(* Let $n\geq 2$ and let $k$ be a positive integer with $k+2^k-1\leq n$. For every positive integer $c$ with $n-2^k+1\leq c\leq (n-k-2^k+2)2^k-1$, there is an arithmetical structure $(r_1,\dots,r_n)$ on $K_n$ with $r_1=c$.
   Context: An arithmetical structure on the complete graph $K_n$ is an $n$-tuple $(r_1,r_2,\dots,r_n)$ of positive integers with $\gcd(r_1,\dots,r_n)=1$ such that $r_j$ divides $\sum_{i=1}^n r_i$ for every $j$. The entries are always listed so that $r_1\geq r_2\geq\dots\geq r_n$; thus $r_1$ is the largest value of the structure. *)

From mathcomp Require Import all_boot.
Set Implicit Arguments. Unset Strict Implicit. Unset Printing Implicit Defensive.

(* An arithmetical structure on K_n: an n-tuple (r_1,...,r_n) of positive
   integers, listed nonincreasingly (r_1 >= ... >= r_n), with gcd 1 and such
   that every r_j divides the sum of all entries.  Represented as a list r
   with r_1 = nth 0 r 0. *)
Definition arith_structure_Kn (n : nat) (r : seq nat) : Prop :=
  [/\ size r = n,
      all (fun x => 0 < x) r,
      sorted geq r,
      foldr gcdn 0 r = 1
    & all (fun x => x %| sumn r) r].

From mathcomp Require Import all_boot.
From mathcomp Require Import zify.

Set Implicit Arguments. Unset Strict Implicit. Unset Printing Implicit Defensive.

(* Put p = 2^k and m = n - p + 1.  Suppose c = s_1 + ... + s_m
   where every s_i divides p and some s_i equals 1.  Then the list made of
   p - 1 copies of c together with s_1, ..., s_m has n entries and sum p*c,
   which every entry divides (c does, and each s_i divides p); the entry 1
   forces gcd 1, and c is the largest entry because each s_i <= sum s = c.
   Sorting this list nonincreasingly gives the required structure. *)

Definition dyadic_decomposition (k c : nat) (s : seq nat) : Prop :=
  [/\ all (fun x => x %| 2 ^ k) s, 1 \in s & sumn s = c].

Lemma dyadic_decomposition_mono k k' c s :
  k <= k' -> dyadic_decomposition k c s -> dyadic_decomposition k' c s.
Proof.
move=> le_kk' [dvd_s one_s sum_s]; split=> //.
by apply/allP=> x /(allP dvd_s) dvd_x; exact: dvdn_trans dvd_x (dvdn_exp2l 2 le_kk').
Qed.

Lemma dyadic_decomposition_cons k j c s :
  j <= k -> dyadic_decomposition k c s ->
  dyadic_decomposition k (2 ^ j + c) (2 ^ j :: s).
Proof.
move=> le_jk [dvd_s one_s sum_s]; split=> /=.
- by rewrite dvdn_exp2l.
- by rewrite inE one_s orbT.
- by rewrite sum_s.
Qed.

(* The numerical heart of the step "peel off a summand 1": for k < m,
   the range for m + 1 summands minus 1 stays inside the range for m. *)
Lemma size_le_pow2_excess m k : k < m -> m <= (m - k) * 2 ^ k.
Proof.
move=> lt_km; have lt_k_pow := ltn_expl k (isT : 1 < 2).
have : (m - k) * k.+1 <= (m - k) * 2 ^ k by rewrite leq_mul2l lt_k_pow orbT.
nia.
Qed.

Lemma dyadic_decomposition_exists m k c :
  0 < m -> k <= m -> m <= c -> c <= (m + 1 - k) * 2 ^ k - 1 ->
  exists2 s, size s = m & dyadic_decomposition k c s.
Proof.
case: m => // m _; elim: m k c => [|m IH] k c le_k le_c le_cM.
  have -> : c = 1.
    by move: le_k le_cM; case: k => [|[|]] //; rewrite ?expn0 ?expn1; lia.
  by exists [:: 1]; split; rewrite //= dvd1n.
have extend K j k' c' : j <= K -> k' <= K -> k' <= m.+1 -> m.+1 <= c' ->
    c' <= (m.+1 + 1 - k') * 2 ^ k' - 1 -> c = 2 ^ j + c' ->
    exists2 s, size s = m.+2 & dyadic_decomposition K c s.
  move=> le_jk le_k'k le_k' le_c' le_c'M ->.
  have [s size_s dec_s] := IH k' c' le_k' le_c' le_c'M.
  exists (2 ^ j :: s); first by rewrite /= size_s.
  exact: dyadic_decomposition_cons le_jk (dyadic_decomposition_mono le_k'k dec_s).
(* The bound for k = m.+2 equals the bound for k = m.+1. *)
wlog le_k' : k le_k le_cM / k <= m.+1.
  move=> base; have [le_km|lt_mk] := leqP k m.+1; first exact: base.
  have eq_k : k = m.+2 by lia.
  have [s size_s dec_s] : exists2 s, size s = m.+2 &
      dyadic_decomposition m.+1 c s.
    by apply: base => //; move: le_cM; rewrite eq_k !expnS; lia.
  by exists s => //; apply: dyadic_decomposition_mono dec_s; lia.
have lt_k_pow := ltn_expl k (isT : 1 < 2).
have [big_c|small_c] := leqP (m.+1 + 2 ^ k) c.
  by apply: (extend k k k (c - 2 ^ k)) => //; lia.
have [lt_km|eq_km] := ltnP k m.+1.
  have le_excess := size_le_pow2_excess lt_km.
  by apply: (extend k 0 k (c - 1)); rewrite ?expn0 //; lia.
(* k = m.+1: use summands of size at most 2^m. *)
have eq_k : k = m.+1 by lia.
rewrite eq_k expnS in le_cM small_c lt_k_pow.
have le_m_pow := ltn_expl m (isT : 1 < 2).
have [le_c2|gt_c2] := leqP c (2 * 2 ^ m).
  by apply: (extend k 0 m (c - 1)); rewrite ?expn0; lia.
by apply: (extend k m m (c - 2 ^ m)); lia.
Qed.

Lemma foldr_gcdn_eq1 (r : seq nat) : 1 \in r -> foldr gcdn 0 r = 1.
Proof.
elim: r => [//|a r IH] /=; rewrite inE => /orP [/eqP <-|one_r].
  by rewrite gcd1n.
by rewrite IH // gcdn1.
Qed.

Lemma leq_sumn_mem (s : seq nat) x : x \in s -> x <= sumn s.
Proof.
elim: s => [//|a s IH] /=; rewrite inE => /orP [/eqP ->|x_s].
  exact: leq_addr.
exact: leq_trans (IH x_s) (leq_addl _ _).
Qed.

Lemma head_sorted_geq (r : seq nat) c :
  sorted geq r -> c \in r -> {in r, forall x, x <= c} -> nth 0 r 0 = c.
Proof.
move=> sorted_r c_r le_c; have r_gt0 : 0 < size r by case: (r) c_r.
apply/eqP; rewrite eqn_leq le_c ?mem_nth //=.
rewrite -{1}(nth_index 0 c_r).
apply: (sorted_leq_nth (fun a b d h1 h2 => leq_trans h2 h1) (@leqnn) 0 sorted_r);
  by rewrite ?inE ?index_mem.
Qed.

Lemma arith_structure_of_decomposition d c s :
  1 < d -> all (fun x => x %| d) s -> 1 \in s -> sumn s = c ->
  exists r, arith_structure_Kn (d - 1 + size s) r /\ nth 0 r 0 = c.
Proof.
move=> d_gt1 dvd_s one_s sum_s; set l := nseq (d - 1) c ++ s.
have perm_l : perm_eq (sort geq l) l by rewrite perm_sort perm_refl.
have mem_l x : (x \in sort geq l) = (x \in l) by rewrite (perm_mem perm_l).
have sorted_l : sorted geq (sort geq l).
  by apply: sort_sorted => a b; rewrite /= leq_total.
have c_gt0 : 0 < c by rewrite -sum_s (leq_sumn_mem one_s).
have c_l : c \in l by rewrite mem_cat mem_nseq eqxx andbT subn_gt0 d_gt1.
have le_c x : x \in l -> x <= c.
  rewrite mem_cat mem_nseq => /orP [/andP [_ /eqP ->]//|x_s].
  by rewrite -sum_s leq_sumn_mem.
have sum_l : sumn (sort geq l) = d * c.
  rewrite (perm_sumn perm_l) sumn_cat sumn_nseq sum_s -mulnSr subn1.
  by rewrite prednK ?(ltnW d_gt1) // mulnC.
have head_l : nth 0 (sort geq l) 0 = c.
  by apply: head_sorted_geq; rewrite ?mem_l // => x; rewrite mem_l; exact: le_c.
exists (sort geq l); split=> //; split=> //.
- by rewrite size_sort size_cat size_nseq.
- apply/allP => x; rewrite mem_l mem_cat mem_nseq => /orP [/andP [_ /eqP ->]//|x_s].
  exact: dvdn_gt0 (ltnW d_gt1) (allP dvd_s x x_s).
- by apply: foldr_gcdn_eq1; rewrite mem_l mem_cat one_s orbT.
- apply/allP => x; rewrite mem_l sum_l mem_cat mem_nseq => /orP [/andP [_ /eqP ->]|x_s].
    exact: dvdn_mull.
  exact: dvdn_mulr (allP dvd_s x x_s).
Qed.

Theorem proposition2p4 (n k c : nat) :
  2 <= n -> 0 < k -> k + 2 ^ k - 1 <= n ->
  0 < c -> n - 2 ^ k + 1 <= c -> c <= (n + 2 - k - 2 ^ k) * 2 ^ k - 1 ->
  exists r : seq nat, arith_structure_Kn n r /\ nth 0 r 0 = c.
Proof.
move=> _ k_gt0 le_kn _ le_c le_cM.
have pow_gt1 : 1 < 2 ^ k by rewrite -{1}(expn0 2) ltn_exp2l.
have [s size_s [dvd_s one_s sum_s]] :
    exists2 s, size s = n - 2 ^ k + 1 & dyadic_decomposition k c s.
  have size_bound : n + 2 - k - 2 ^ k = n - 2 ^ k + 1 + 1 - k by lia.
  rewrite size_bound in le_cM.
  by apply: dyadic_decomposition_exists => //; lia.
have [r [arith_r head_r]] :=
  arith_structure_of_decomposition pow_gt1 dvd_s one_s sum_s.
exists r; split=> //.
by have -> : n = 2 ^ k - 1 + size s by rewrite size_s; lia.
Qed.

============================================================

**Directions for this task:**
Your answer should be the exact lines above from the one with "exact: leq_trans (IH x_s) (leq_addl _ _)." through the one with "rewrite (perm_sumn perm_l)", both included, and nothing besides.

**Output for this exercise:**
exact: leq_trans (IH x_s) (leq_addl _ _).
Qed.

Lemma head_sorted_geq (r : seq nat) c :
  sorted geq r -> c \in r -> {in r, forall x, x <= c} -> nth 0 r 0 = c.
Proof.
move=> sorted_r c_r le_c; have r_gt0 : 0 < size r by case: (r) c_r.
apply/eqP; rewrite eqn_leq le_c ?mem_nth //=.
rewrite -{1}(nth_index 0 c_r).
apply: (sorted_leq_nth (fun a b d h1 h2 => leq_trans h2 h1) (@leqnn) 0 sorted_r);
  by rewrite ?inE ?index_mem.
Qed.

Lemma arith_structure_of_decomposition d c s :
  1 < d -> all (fun x => x %| d) s -> 1 \in s -> sumn s = c ->
  exists r, arith_structure_Kn (d - 1 + size s) r /\ nth 0 r 0 = c.
Proof.
move=> d_gt1 dvd_s one_s sum_s; set l := nseq (d - 1) c ++ s.
have perm_l : perm_eq (sort geq l) l by rewrite perm_sort perm_refl.
have mem_l x : (x \in sort geq l) = (x \in l) by rewrite (perm_mem perm_l).
have sorted_l : sorted geq (sort geq l).
  by apply: sort_sorted => a b; rewrite /= leq_total.
have c_gt0 : 0 < c by rewrite -sum_s (leq_sumn_mem one_s).
have c_l : c \in l by rewrite mem_cat mem_nseq eqxx andbT subn_gt0 d_gt1.
have le_c x : x \in l -> x <= c.
  rewrite mem_cat mem_nseq => /orP [/andP [_ /eqP ->]//|x_s].
  by rewrite -sum_s leq_sumn_mem.
have sum_l : sumn (sort geq l) = d * c.
  rewrite (perm_sumn perm_l) sumn_cat sumn_nseq sum_s -mulnSr subn1.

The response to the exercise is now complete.